Florida Federal Judge Rules Physician Non-competes Must Go
Image courtesy of Tallahassee Democrat
Non-compete contracts are prevalent in many industries, but their use in the health field drew significant attention over recent years. Also known as a physician restrictive covenant, reports Jordan Fensterman via MD Magazine, non-compete contracts prevent a physician from practicing in a state where the contracted employer operates. The goal is simple; keep physicians within the company. In response to strong backlash, physicians in all specialties, including radiology, have sought to break free from these contracts, and a recent ruling in Florida dealt a strong blow to those that would keep non-compete contracts in place. Radiologists need to understand the state of non-compete contracts and how the new ruling will affect employment options.
Why Do Physicians Disapprove of Non-compete Contracts?
Non-compete contracts do always apply to an entire state. They may apply to any area, even down to a square block. The terms within the contract rely on the reasonable expectations that the care provider would not be able to successfully operate a practice and provide care to the public without the services, i.e. referrals, of an employer. In radiology, non-compete contracts consolidate referrals for specialty services, and in rural areas, such contracts appear to promise better, cheaper service. Unfortunately, these contracts often create a monopoly in the industry, and for areas with limited health resources in the first place, contracts may leave patients with only one choice for their care. Actions that force a patient to see a specific care provider open the door to lost competition in the industry and fail to provide patients with a real-world choice.
The problem with non-compete contracts also affects physicians and their quality of life. The contract may force physicians to accept lower rates, work extreme hours and effectively prevent them from earning a living wage. As a result, more physicians have explored and filed legal claims to get out of these contracts. Unfortunately, courts vary on their opinion of the enforceability of such contracts. In general, the more specific contracts that encompass a narrower land area are more likely to be enforced, says Fensterman.
What Did the Florida Legislature Do?
The Florida Legislature passed a law in June that would limit the use of physician non-compete agreements in the state. According to Modern Healthcare, the law voids existing non-compete contracts among specialists and any employer that contracts the services of all physicians within a specific county. It is important to note this law applies to specialty physicians, so radiologists fall under its umbrella. The covenants in question will remain unenforceable for at least three years after the period at which a second employer or even private practice begins offering the same specialty services within the state.

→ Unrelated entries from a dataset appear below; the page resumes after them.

(* In the setting described in the context, suppose the binary-flux assumption holds. Then the following are equivalent: (i) (class decomposition) for every $k\in K$ there exists $E^k\subset\bar J_n$ such that $k=\bigcup_{j\in E^k}\mathcal O^j$; (ii) there exists an optimal weight family; (iii) the family $\bar w^K=(\bar w^k)_{k\in K}$ defined by $\bar w^{j\to k}:=\frac{b_1}{b_2|\bar J^k_n|}\mathbb 1_{j\in\bar J^k_n}$, where $\bar J^k_n:=\arg\max_{j\in\bar J_n}\Phi^{j\to k}_{\mathrm{disc}}$, is an optimal weight family.
   Context: Let $\mathcal O$ be a finite set of sample types and $K$ a finite set of classes with $|K|\ge2$, each class $k\in K$ identified with a nonempty subset of $\mathcal O$, the classes forming a partition of $\mathcal O$ (so ''$o\in k$'' means type $o$ has class $k$). Let $\bar J_n$ be a finite nonempty index set (selected $n$-element subsets of input species), and for each $o\in\mathcal O$ and $j\in\bar J_n$ let $\int_o\Phi^j\ge0$ be a given number (the integrated flux of $j$ during presentation of a sample of type $o$). Let $b_1,b_2>0$. Flux discrepancy: $\Phi^{j\to k}_{\mathrm{disc}}:=\frac{1}{|k|}\sum_{o\in k}\int_o\Phi^j-\frac{1}{|K|-1}\sum_{k'\ne k}\frac{1}{|k'|}\sum_{o\in k'}\int_o\Phi^j$. An optimal weight family is $q^K=(q^k)_{k\in K}$ with $q^k=(q^{j\to k})_{j\in\bar J_n}$, $q^{j\to k}\ge0$, $\sum_jq^{j\to k}=\frac{b_1}{b_2}$, such that for all $k\in K$ and $o\in\mathcal O$: $\sum_{j\in\bar J_n}q^{j\to k}\int_o\Phi^j>0$ if and only if $o\in k$. Binary-flux assumption: there is $p>0$ such that $\int_o\Phi^j\in\{0,p\}$ for all $j\in\bar J_n$, $o\in\mathcal O$; setting $\mathcal O^j:=\{o\in\mathcal O:\int_o\Phi^j=p\}$, all the sets $\mathcal O^j$, $j\in\bar J_n$, have the same cardinality. *)

From mathcomp Require Import all_boot all_order all_algebra.
Set Implicit Arguments. Unset Strict Implicit. Unset Printing Implicit Defensive.
Import Order.TTheory GRing.Theory Num.Theory.
Local Open Scope ring_scope.

Section Defs.
Variables (R : realFieldType) (O K J : finType).
(* cls o = the class of sample type o; the classes partition O. *)
Variable cls : O -> K.
(* flux o j = \int_o \Phi^j *)
Variable flux : O -> J -> R.

Definition class_set (k : K) : {set O} := [set o | cls o == k].

Definition disc (j : J) (k : K) : R :=
  (#|class_set k|%:R)^-1 * \sum_(o in class_set k) flux o j
  - (#|K|%:R - 1)^-1 *
    \sum_(k' in K | k' != k) (#|class_set k'|%:R)^-1 * \sum_(o in class_set k') flux o j.

Definition optimal_weight_family (b1 b2 : R) (q : K -> J -> R) : Prop :=
  [/\ forall k j, 0 <= q k j,
      forall k, \sum_(j in J) q k j = b1 / b2 &
      forall k o, (0 < \sum_(j in J) q k j * flux o j) <-> cls o = k].

Definition Oj (p : R) (j : J) : {set O} := [set o | flux o j == p].

Definition Jbar (k : K) : {set J} := [set j | [forall j', disc j' k <= disc j k]].

Definition wbar (b1 b2 : R) (k : K) (j : J) : R :=
  if j \in Jbar k then b1 / (b2 * #|Jbar k|%:R) else 0.
End Defs.

From mathcomp Require Import all_boot all_order all_algebra.
From mathcomp Require Import ring.
Set Implicit Arguments. Unset Strict Implicit. Unset Printing Implicit Defensive.
Import Order.TTheory GRing.Theory Num.Theory.
Local Open Scope ring_scope.

(* With binary fluxes a type o responds to the weights q exactly when some
   j with q j > 0 has o in O^j, so the classes of an optimal family are
   unions of the sets O^j.  Conversely, if every class is such a union, let
   J^k be the set of j with O^j inside the class k.  For j in J^k the
   discrepancy is p |O^j| / |k|; for any other j only the part of O^j inside
   k counts positively, so it is strictly smaller.  Since all O^j have the
   same size, the argmax set of the discrepancy is exactly J^k, and the
   uniform weights on J^k select precisely the class k. *)

Section BinaryFlux.
Variables (R : realFieldType) (O J : finType) (flux : O -> J -> R) (p : R).
Hypothesis p_gt0 : 0 < p.
Hypothesis flux_bin : forall o j, flux o j = 0 \/ flux o j = p.

Lemma flux_ge0 o j : 0 <= flux o j.
Proof. by case: (flux_bin o j) => ->; rewrite ?lexx ?ltW. Qed.

Lemma sum_flux_card (A : {set O}) j :
  \sum_(o in A) flux o j = #|A :&: Oj flux p j|%:R * p.
Proof.
rewrite mulr_natl -sumr_const big_mkcond [RHS]big_mkcond /=.
apply: eq_bigr => o _; rewrite in_setI [o \in Oj _ _ _]inE.
by case: (o \in A) => //=; case: (flux_bin o j) => ->; rewrite ?eqxx // eq_sym gt_eqF.
Qed.

Lemma weighted_flux_gt0P (q : J -> R) o : (forall j, 0 <= q j) ->
  (0 < \sum_(j in J) q j * flux o j) <-> exists2 j, 0 < q j & o \in Oj flux p j.
Proof.
move=> q_ge0; have term_ge0 j : 0 <= q j * flux o j by rewrite mulr_ge0 ?flux_ge0.
split.
- rewrite lt_def => /andP[/eqP sum_neq0 _].
  have [j /andP[_]] := psumr_neq0P (fun j _ => term_ge0 j) sum_neq0.
  case: (flux_bin o j) => fj; rewrite fj ?mulr0 ?ltxx // pmulr_lgt0 // => qj_gt0.
  by exists j; rewrite // inE fj.
- move=> [j qj_gt0]; rewrite inE => /eqP fj; rewrite (bigD1 j) //= ltr_pwDl //.
    by rewrite fj mulr_gt0.
  by rewrite sumr_ge0.
Qed.

End BinaryFlux.

Section UniformWeights.
Variables (R : realFieldType) (O K J : finType) (cls : O -> K).
Variables (flux : O -> J -> R) (b1 b2 : R).
Hypotheses (b1_gt0 : 0 < b1) (b2_gt0 : 0 < b2).

Lemma wbar_ge0 k j : 0 <= wbar cls flux b1 b2 k j.
Proof.
by rewrite /wbar; case: ifP => // _; rewrite divr_ge0 ?mulr_ge0 ?(ltW b1_gt0) ?(ltW b2_gt0).
Qed.

Lemma wbar_gt0 k j : (0 < wbar cls flux b1 b2 k j) = (j \in Jbar cls flux k).
Proof.
rewrite /wbar; case: ifP => [j_in|]; last by rewrite ltxx.
by rewrite divr_gt0 // mulr_gt0 // ltr0n; apply/card_gt0P; exists j.
Qed.

Lemma sum_wbar k :
  (exists j, j \in Jbar cls flux k) -> \sum_j wbar cls flux b1 b2 k j = b1 / b2.
Proof.
move=> [j j_in]; rewrite /wbar -big_mkcond sumr_const -mulr_natl.
have card_neq0 : (#|Jbar cls flux k|%:R : R) != 0.
  by rewrite pnatr_eq0 -lt0n; apply/card_gt0P; exists j.
by field; rewrite card_neq0 gt_eqF.
Qed.

End UniformWeights.

Section Classes.
Variables (R : realFieldType) (O K J : finType) (cls : O -> K).
Variables (flux : O -> J -> R) (p : R).
Hypothesis p_gt0 : 0 < p.
Hypothesis flux_bin : forall o j, flux o j = 0 \/ flux o j = p.

Definition Jinside (k : K) : {set J} := [set j | Oj flux p j \subset class_set cls k].

Lemma optimal_class_decomposition b1 b2 q k :
  optimal_weight_family cls flux b1 b2 q ->
  class_set cls k = \bigcup_(j in [set j | 0 < q k j]) Oj flux p j.
Proof.
move=> [q_ge0 _ q_sel]; apply/setP => o; rewrite inE.
apply/eqP/bigcupP => [/q_sel/(weighted_flux_gt0P p_gt0 flux_bin _ (q_ge0 k)) [j qj oj]|].
  by exists j => //; rewrite inE.
move=> [j]; rewrite inE => qj oj; apply/q_sel.
by apply/(weighted_flux_gt0P p_gt0 flux_bin _ (q_ge0 k)); exists j.
Qed.

Lemma class_decomposition_Jinside k (E : {set J}) :
  class_set cls k = \bigcup_(j in E) Oj flux p j ->
  class_set cls k = \bigcup_(j in Jinside k) Oj flux p j.
Proof.
move=> decE; apply/setP => o; apply/idP/bigcupP => [|[j]]; last first.
  by rewrite inE => /subsetP; apply.
rewrite {1}decE => /bigcupP [j jE oj]; exists j => //.
by rewrite inE decE (bigcup_sup j jE).
Qed.

Lemma disc_le_card k j :
  disc cls flux j k <=
    #|class_set cls k|%:R^-1 * (#|class_set cls k :&: Oj flux p j|%:R * p).
Proof.
have K_ge1 : (1 <= #|K|)%N by apply/card_gt0P; exists k.
rewrite /disc (sum_flux_card p_gt0 flux_bin) lerBlDr lerDl mulr_ge0 //.
  by rewrite invr_ge0 subr_ge0 ler1n.
rewrite sumr_ge0 // => k' _; rewrite mulr_ge0 ?invr_ge0 ?sumr_ge0 //.
move=> o _; exact: (flux_ge0 p_gt0 flux_bin).
Qed.

Lemma disc_Jinside k j : j \in Jinside k ->
  disc cls flux j k = #|class_set cls k|%:R^-1 * (#|Oj flux p j|%:R * p).
Proof.
rewrite inE => Oj_sub.
rewrite /disc (sum_flux_card p_gt0 flux_bin) (setIidPr Oj_sub).
rewrite big1 ?mulr0 ?subr0 // => k' /andP[_ k'_neq_k].
rewrite (sum_flux_card p_gt0 flux_bin) (_ : _ :&: _ = set0) ?cards0 ?mul0r ?mulr0 //.
apply/setP => o; rewrite in_set0 in_setI; apply/negP => /andP[].
rewrite inE => /eqP cls_o /(subsetP Oj_sub); rewrite inE cls_o.
by rewrite (negbTE k'_neq_k).
Qed.

Lemma disc_lt_notJinside k j : (0 < #|class_set cls k|)%N -> j \notin Jinside k ->
  disc cls flux j k < #|class_set cls k|%:R^-1 * (#|Oj flux p j|%:R * p).
Proof.
rewrite inE => class_gt0 Oj_nsub; apply: le_lt_trans (disc_le_card k j) _.
rewrite ltr_pM2l ?invr_gt0 ?ltr0n // ltr_pM2r // ltr_nat.
apply: proper_card; rewrite properE subsetIr; apply: contra Oj_nsub.
by move=> /subsetP Oj_sub; apply/subsetP => o /Oj_sub /setIP [].
Qed.

Lemma Jbar_Jinside k :
  (forall j j', #|Oj flux p j| = #|Oj flux p j'|) -> (0 < #|class_set cls k|)%N ->
  (exists j, j \in Jinside k) -> Jbar cls flux k = Jinside k.
Proof.
move=> card_Oj class_gt0 [j0 j0_in]; apply/setP => j; rewrite inE.
apply/forallP/idP => [max_j | j_in j'].
  apply: contraLR (max_j j0) => j_out; rewrite -ltNge (disc_Jinside j0_in).
  by rewrite (card_Oj j0 j) disc_lt_notJinside.
rewrite (disc_Jinside j_in) (card_Oj j j').
have [j'_in | j'_out] := boolP (j' \in Jinside k); first by rewrite disc_Jinside.
by rewrite ltW // disc_lt_notJinside.
Qed.

Lemma wbar_optimal (b1 b2 : R) : 0 < b1 -> 0 < b2 ->
  (forall k, exists o, cls o = k) ->
  (forall j j', #|Oj flux p j| = #|Oj flux p j'|) ->
  (forall k, class_set cls k = \bigcup_(j in Jinside k) Oj flux p j) ->
  optimal_weight_family cls flux b1 b2 (wbar cls flux b1 b2).
Proof.
move=> b1_gt0 b2_gt0 class_ne card_Oj dec.
have class_gt0 k : (0 < #|class_set cls k|)%N.
  by have [o cls_o] := class_ne k; apply/card_gt0P; exists o; rewrite inE cls_o.
have Jinside_ne k : exists j, j \in Jinside k.
  have [o cls_o] := class_ne k.
  have : o \in class_set cls k by rewrite inE cls_o.
  by rewrite dec => /bigcupP [j j_in _]; exists j.
have Jbar_eq k : Jbar cls flux k = Jinside k.
  exact: Jbar_Jinside card_Oj (class_gt0 k) (Jinside_ne k).
split=> [k j | k | k o]; first exact: wbar_ge0.
  by apply: sum_wbar => //; rewrite Jbar_eq.
rewrite (weighted_flux_gt0P p_gt0 flux_bin _ (wbar_ge0 _ _ b1_gt0 b2_gt0 k)).
have -> : (cls o = k) <-> o \in class_set cls k by rewrite inE; split=> [->|/eqP].
rewrite dec; split=> [[j] | /bigcupP [j j_in o_in]].
  by rewrite wbar_gt0 // Jbar_eq => j_in o_in; apply/bigcupP; exists j.
by exists j; rewrite // wbar_gt0 // Jbar_eq.
Qed.

End Classes.

Theorem theorem13 (R : realFieldType) (O K J : finType) (cls : O -> K)
    (flux : O -> J -> R) (b1 b2 p : R) :
  (forall k : K, exists o : O, cls o = k) ->
  (1 < #|K|)%N ->
  (0 < #|J|)%N ->
  (forall o j, 0 <= flux o j) ->
  0 < b1 -> 0 < b2 ->
  (* binary-flux assumption *)
  0 < p ->
  (forall o j, flux o j = 0 \/ flux o j = p) ->
  (forall j j' : J, #|Oj flux p j| = #|Oj flux p j'|) ->
  ((forall k : K, exists E : {set J},
       class_set cls k = \bigcup_(j in E) Oj flux p j)
   <-> (exists q : K -> J -> R, optimal_weight_family cls flux b1 b2 q))
  /\
  ((exists q : K -> J -> R, optimal_weight_family cls flux b1 b2 q)
   <-> optimal_weight_family cls flux b1 b2 (wbar cls flux b1 b2)).
Proof.
move=> class_ne _ _ _ b1_gt0 b2_gt0 p_gt0 flux_bin card_Oj.
have optimal_dec q : optimal_weight_family cls flux b1 b2 q ->
    forall k, exists E : {set J}, class_set cls k = \bigcup_(j in E) Oj flux p j.
  move=> q_opt k; eexists.
  exact: (optimal_class_decomposition p_gt0 flux_bin k q_opt).
have dec_wbar :
    (forall k, exists E : {set J}, class_set cls k = \bigcup_(j in E) Oj flux p j) ->
    optimal_weight_family cls flux b1 b2 (wbar cls flux b1 b2).
  move=> dec; apply: (wbar_optimal p_gt0 flux_bin) => // k.
  by have [E decE] := dec k; apply: class_decomposition_Jinside decE.
split; split.
- by move=> /dec_wbar w_opt; exists (wbar cls flux b1 b2).
- by move=> [q /optimal_dec].
- by move=> [q /optimal_dec/dec_wbar].
- by move=> w_opt; exists (wbar cls flux b1 b2).
Qed.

For example, the law would void non-compete contracts between a single entity and all radiologists within a county. As individual practices begin to take root, the law effectively means no entity may implement a non-compete policy until three years pass. As a result, patients would see an increase in their options for obtaining care, and with the high cost of radiology remaining a key concern for millions of patients, eliminating non-compete contracts creates competition within radiology. Thus, patients are more likely to see a reduction in costs of care.
Employers File Motions to Block Enforcement, But a Federal Judge Declines It.
The law gives freedom back to specialty physicians and provides a path toward competition in the industry. Such actions would lower the revenue gained by a single entity or employer. Instead of keeping a county’s residents locked into the specific employer’s system and account, patients could go to a third-party practice for service. To protect their investments, health organizations and hospitals have expressed outrage over the law. A cancer care company filed a motion to block the law in its entirety. However, a federal judge had other plans.
On August 21, 2019, U.S. District Judge Mark Walker denied the plaintiff’s request. His ruling was even more scathing than meets the eye, comparing the company to the monsters of classic horror films. Although the plaintiff claimed the law would inhibit ability to provide specialty services in rural areas, Judge Walker disagreed, citing five cases in which oncologists had successfully ended their contracts and launched independent practices. He went on to describe his belief that the state legislature passed the law to tackle the negative effects of consolidation in the health industry. Such effort may have been responsible for increasing costs, decreasing access to healthcare and limiting the right of consumer choice in receiving care. In addition, he noted that while law does impede employers’ Constitutional contract rights, the benefits and purpose of the law outweigh the restriction placed on employers.
Summary: The Ruling and Its Effects on Radiologists in Florida and Across the U.S.
The law voided all contracts in which the employer held a monopoly over all specialties within a given county. As a result, any specialty physician could immediately leave the company and begin a private practice. For those that have already taken the steps to launch a private practice, the judge’s ruling reaffirms their right to start and maintain an independent practice. For radiologists across Florida, the ruling heralds an end to the practice of using non-compete contracts to limit how, where and when radiology services can be obtained or provided. Now is the time of opportunity, and the ruling in Florida sets the stage for what could be a showdown between non-compete employers and specialty physicians across the country. Radiologists and specialty physicians currently in a non-compete contract should pay close attention. The era of competition in the health profession has returned, and physicians could make an even bigger difference in the lives of their patients.